Today, we have chosen an important niche of animal internal medicine to discuss.


Q&A in nutritional deficiency in different animal species, including: 



  1. Discuss the importance of  vitamin A & clinical findings of vitamin A deficiency in farm animals.


  1. Write briefly on general steps for diagnosis of trace mineral deficiency diseases in farm animals.


  1. Write on clinical signs of cobalt deficiency in sheep.


  1. What is the treatment of iodine deficiency in sheep?


  1. Enumerate clinical signs of thiamine deficiency in calves.




Q1: Discuss clinical findings of vitamin A deficiency in farm animals. 


Vitamin A is an essential micronutrient for many body functions, including:

  • Function of the immune system.


  • The health of epithelial tissues, mucous membrane reproduction and development.


  • Normal bone growth.


  • The functioning of the nervous system and vision, especially in growing animals.


Vitamin A levels in the animal body depend on dietary sources of β-carotene.


The synthesis of this micronutrient does not occur in vertebrates. 

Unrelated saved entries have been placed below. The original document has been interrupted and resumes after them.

(** * Control systems Sigma = (X, Ucal, phi)
    - [cs_X] : the state space X (normed linear space);
    - [cs_V] : normed linear space containing the set [cs_Uval] = U of input values;
    - [cs_W] : the normed linear space Ucal of input functions R_+ -> U; its
      elements are identified with functions via [cs_eval] (linear, injective
      on R_+, so Ucal is a linear space of functions with pointwise operations);
    - [cs_shift tau u] = u(. + tau);
    - [cs_adm x] = Ucal(x), the admissible inputs at x;
    - [cs_phi t x u] = phi(t,x,u). *)
Record ControlSystem := {
  cs_X : NormedSpace;
  cs_V : NormedSpace;
  cs_Uval : cs_V -> Prop;
  cs_Uval_nonempty : exists v, cs_Uval v;
  cs_W : NormedSpace;
  cs_eval : cs_W -> R -> cs_V;
  cs_eval_add : forall u w s, 0 <= s ->
     cs_eval (ns_add u w) s = ns_add (cs_eval u s) (cs_eval w s);
  cs_eval_scal : forall a u s, 0 <= s ->
     cs_eval (ns_scal a u) s = ns_scal a (cs_eval u s);
  cs_eval_inj : forall u w, (forall s, 0 <= s -> cs_eval u s = cs_eval w s) -> u = w;
  cs_eval_val : forall u s, 0 <= s -> cs_Uval (cs_eval u s);
  cs_shift : R -> cs_W -> cs_W;
  cs_shift_spec : forall tau u s, 0 <= tau -> 0 <= s ->
     cs_eval (cs_shift tau u) s = cs_eval u (s + tau);
  cs_adm : cs_X -> cs_W -> Prop;
  cs_adm_nonempty : forall x, exists u, cs_adm x u;
  cs_phi : R -> cs_X -> cs_W -> cs_X;
  cs_phi0 : forall x u, cs_adm x u -> cs_phi 0 x u = x;
  cs_causal : forall t x u u', 0 <= t -> cs_adm x u -> cs_adm x u' ->
     (forall s, 0 <= s <= t -> cs_eval u s = cs_eval u' s) ->
     cs_phi t x u = cs_phi t x u';
  cs_cocycle_adm : forall t x u, 0 <= t -> cs_adm x u ->
     cs_adm (cs_phi t x u) (cs_shift t u);
  cs_cocycle : forall t h x u, 0 <= t -> 0 <= h -> cs_adm x u ->
     cs_phi h (cs_phi t x u) (cs_shift t u) = cs_phi (t + h) x u
}.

Therefore, it has been reported that vitamin A deficiency could occur more often in winter or spring, when the animal diet might lack green plants which are the main source of β-carotene.


Vitamin A deficiency 


The clinical signs of hypovitaminosis A include:


In Sheep and Cattle: 


The sheep and cattle with vitamin A deficiency Show:


  • poor weight gain, convulsions, diarrhea, and blindness in calves.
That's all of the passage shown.